California Just Raised the Legal Smoking Age From 18 to 21

Impact

California dealt a major blow to the tobacco industry Wednesday, passing a series of laws, including one that raised the minimum age to buy tobacco from 18 to 21, CNN reported.

"[These laws] will save countless lives, reduce astronomical costs to the health care system, and cost very little because it uses existing enforcement mechanisms," State Senator Ed Hernandez, one of the bill's authors, told CNN. "Today was an enormous victory for not only this generation, but also for many generations to come who will not suffer the deadly impacts of tobacco."

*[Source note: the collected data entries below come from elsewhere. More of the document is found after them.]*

(* A vertex [v] strictly below [y M] is a coset [z H] of a proper subgroup [H] of [M], so
   [H ⊆ K] and [v] lies in a single left coset of [K]. *)
Lemma lcoset_incl_below (M K : G -> Prop) y c u v :
  subgroup M -> subgroup K ->
  (forall H, subgroup H -> (forall x, H x -> M x) -> ~ (forall x, M x -> H x) ->
     forall x, H x -> K x) ->
  coset_poset G u -> coset_poset G v -> proper_incl u v -> proper_incl v (lcoset y M) ->
  (forall g, u g -> lcoset c K g) <-> (forall g, v g -> lcoset c K g).
Proof.
  intros HMs HKs HK Pu [z [H [[Hs _] ->]]] [Huv _] [Hvy Hny].
  split; [|intros Hv g Hg; apply Hv, Huv, Hg]. intros Hu.
  assert (Hz : lcoset y M z) by (apply Hvy, lcoset_refl; auto).
  assert (HHM : forall h, H h -> M h).
  { intros h Hh. assert (Hzh : lcoset y M (gmul z h)) by (apply Hvy; exists h; auto).
    rewrite (lcoset_transl G M y z HMs Hz), lcosetE, mulKg in Hzh. exact Hzh. }
  assert (HnMH : ~ (forall x, M x -> H x)).
  { intros Hall. apply Hny. intros g Hg. rewrite (lcoset_transl G M y z HMs Hz) in Hg.
    destruct Hg as [h [Hh ->]]. exists h; auto. }
  destruct (coset_poset_inhabited u Pu) as [q Hq].
  intros g Hg. rewrite (lcoset_transl G H z q Hs (Huv q Hq)) in Hg.
  rewrite (lcoset_transl G K c q HKs (Hu q Hq)).
  destruct Hg as [h [Hh ->]]. exists h; split; auto. apply (HK H); auto.
Qed.

End CosetPoset.

Section OrderComplex.
Context {V : Type} (P : V -> Prop) (lt : V -> V -> Prop).
Hypothesis lt_irrefl : forall u, ~ lt u u.
Hypothesis lt_trans : forall u v w, lt u v -> lt v w -> lt u w.

Lemma lt_asym u v : lt u v -> ~ lt v u.
Proof. intros H1 H2. apply (lt_irrefl u). eauto. Qed.

Definition edge_chain (a b : V) : chain1 V := fun u v =>
  if excluded_middle_informative (lt a b) then iverson (u = a /\ v = b)
  else - iverson (u = b /\ v = a).

Fixpoint path_chain (l : list V) : chain1 V :=
  match l with
  | a :: ((b :: _) as t) => fun u v => edge_chain a b u v + path_chain t u v
  | _ => fun _ _ => 0
  end.

Fixpoint order_path (l : list V) : Prop :=
  match l with
  | a :: ((b :: _) as t) => P a /\ P b /\ (lt a b \/ lt b a) /\ order_path t
  | _ => True
  end.

Lemma edge_chain_support a b u v : P a -> P b -> (lt a b \/ lt b a) -> edge_chain a b u v <> 0 ->
  P u /\ P v /\ lt u v /\ (u = a \/ u = b) /\ (v = a \/ v = b).
Proof.
  intros Pa Pb Hab. unfold edge_chain, iverson.
  destruct (excluded_middle_informative (lt a b));
    (destruct excluded_middle_informative as [[-> ->]|]; [|lia]); intuition.
Qed.

Lemma path_chain_support l u v : order_path l -> path_chain l u v <> 0 ->
  P u /\ P v /\ lt u v /\ In u l /\ In v l.
Proof.
  induction l as [|a [|b t] IH]; [simpl; lia|simpl; lia|].
  intros [Pa [Pb [Hab Hok]]] Hne. change (edge_chain a b u v + path_chain (b :: t) u v <> 0) in Hne.
  destruct (Z.eq_dec (edge_chain a b u v) 0) as [E|E].
  - destruct IH as [? [? [? [? ?]]]]; auto; [lia|]. simpl in *; tauto.
  - destruct (edge_chain_support a b u v Pa Pb Hab E) as [? [? [? [Hu Hv]]]].
    simpl; destruct Hu, Hv; subst; tauto.
Qed.

Lemma path_chain_1chain l : order_path l -> is_1chain P lt (path_chain l).
Proof.
  intros Hok. split.
  - intros u v H. destruct (path_chain_support l u v Hok H) as [? [? [? _]]]; auto.
  - exists (list_prod l l). intros u v H.
    destruct (path_chain_support l u v Hok H) as [_ [_ [_ [? ?]]]]. apply in_prod; auto.
Qed.

Lemma path_chain_boundary (U : list V) l d : NoDup U -> (forall x, In x l -> In x U) ->
  l <> [] -> order_path l -> forall w,
  lsum U (fun u => path_chain l u w - path_chain l w u) = iverson (w = last l d) - iverson (w = hd d l).
Proof.
  intros NU HU Hne Hok w. induction l as [|a [|b t] IH]; [congruence|simpl; rewrite lsum0; [lia|auto]|].
  destruct Hok as [Pa [Pb [Hab Hok]]].
  change (lsum U (fun u => (edge_chain a b u w + path_chain (b :: t) u w)
                         - (edge_chain a b w u + path_chain (b :: t) w u))
    = iverson (w = last (b :: t) d) - iverson (w = a)).
  rewrite (eq_lsum U _ (fun u => (iverson (u = a) * iverson (w = b) - iverson (u = b) * iverson (w = a))
                                + (path_chain (b :: t) u w - path_chain (b :: t) w u))).
  - rewrite lsumD, IH; [|intros x Hx; apply HU; right; exact Hx|discriminate|exact Hok].
    rewrite lsumB, !lsum_iverson_eq; auto; try (apply HU; simpl; auto). simpl hd. lia.
  - intros x _. unfold edge_chain. rewrite !iverson_and.
    destruct excluded_middle_informative; ring.
Qed.

Lemma closed_path_1cycle l a : order_path l -> hd_error l = Some a -> last l a = a ->
  is_1cycle P lt (path_chain l).
Proof.
  intros Hok Hh Hl. split; [apply path_chain_1chain; auto|]. intros w.
  set (U := nodup classic_eq_dec l).
  assert (NU : NoDup U) by apply NoDup_nodup.
  assert (HU : forall x, In x l -> In x U) by (intros; apply nodup_In; auto).
  destruct l as [|a' t]; [discriminate|]. injection Hh as ->.
  pose proof (path_chain_boundary U (a :: t) a NU HU ltac:(discriminate) Hok w) as E.
  simpl hd in E. rewrite Hl, Z.sub_diag in E. rewrite <- E.
  apply has_sum_lsum; auto. intros x Hx. apply HU.
  destruct (Z.eq_dec (path_chain (a :: t) x w) 0).
  - apply (path_chain_support (a :: t) w x); auto. lia.
  - apply (path_chain_support (a :: t) x w); auto.
Qed.

Definition signed (phi : V -> V -> Z) (u v : V) : Z :=
  if excluded_middle_informative (lt u v) then phi u v
  else if excluded_middle_informative (lt v u) then - phi v u else 0.

Fixpoint path_sum (phi : V -> V -> Z) (l : list V) : Z :=
  match l with
  | a :: ((b :: _) as t) => signed phi a b + path_sum phi t
  | _ => 0
  end.

Lemma signed_lt phi u v : lt u v -> signed phi u v = phi u v.
Proof. intros H; unfold signed; destruct excluded_middle_informative; tauto. Qed.

Lemma signed_gt phi u v : lt v u -> signed phi u v = - phi v u.
Proof.
  intros H; unfold signed.
  destruct excluded_middle_informative as [H'|]; [exfalso; eapply lt_asym; eauto|].
  destruct excluded_middle_informative; tauto.
Qed.

Lemma signed_diag phi u : signed phi u u = 0.
Proof.
  unfold signed. destruct (excluded_middle_informative (lt u u)); [exfalso; eapply lt_irrefl; eauto|].
  reflexivity.
Qed.

Lemma path_chain_column (U : list V) l (w : V -> Z) v0 : NoDup U -> (forall x, In x l -> In x U) ->
  order_path l ->
  lsum U (fun u => w u * path_chain l u v0) = path_sum (fun u v => w u * iverson (v = v0)) l.
Proof.
  intros NU HU Hok. induction l as [|a [|b t] IH]; [simpl; apply lsum0; intros; lia..|].
  destruct Hok as [Pa [Pb [Hab Hok]]].
  change (lsum U (fun u => w u * (edge_chain a b u v0 + path_chain (b :: t) u v0)) =
    signed (fun u v => w u * iverson (v = v0)) a b + path_sum (fun u v => w u * iverson (v = v0)) (b :: t)).
  rewrite (eq_lsum U _ (fun u => w u * edge_chain a b u v0 + w u * path_chain (b :: t) u v0)) by (intros; lia).
  rewrite lsumD, IH by (simpl in *; auto). f_equal. unfold edge_chain.
  destruct excluded_middle_informative as [H|H].
  - rewrite signed_lt by auto.
    rewrite (eq_lsum U _ (fun u => iverson (u = a) * (w u * iverson (v0 = b)))).
    + rewrite lsum_iverson_eq by (simpl in *; auto). f_equal. apply iverson_iff; split; auto.
    + intros x _. rewrite iverson_and. ring.
  - destruct Hab as [|Hba]; [tauto|]. rewrite signed_gt by auto.
    rewrite (eq_lsum U _ (fun u => iverson (u = b) * (- (w u * iverson (v0 = a))))).
    + rewrite lsum_iverson_eq by (simpl in *; auto). f_equal. f_equal. apply iverson_iff; split; auto.
    + intros x _. rewrite iverson_and. ring.
Qed.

Read more: Here's How Smoking Weed Will Affect Your Sleep

The laws also target the sale of e-cigarettes but make an exception for active duty military service members, addressing the popular argument that citizens willing to fight and die for their country should be free to purchase tobacco.

The legislation drew a range of responses.

"It is long past due for California to update our approach to tobacco, and with the governor's signature on these life-saving bills, we have done just that," Steven Larson, president of the California Medical Association, told the Los Angeles Times. 

Meanwhile, the tobacco industry has pointed to a number of potential steps to fight the new measures, including forcing the issue into statewide referendum, according to the Los Angeles Times.

An Institute of Medicine study from March 2015 projected that should all states make 21 the legal smoking age, there would be "approximately 223,000 fewer premature deaths, 50,000 fewer deaths from lung cancer, and 4.2 million fewer years of life lost for those born between 2000 and 2019."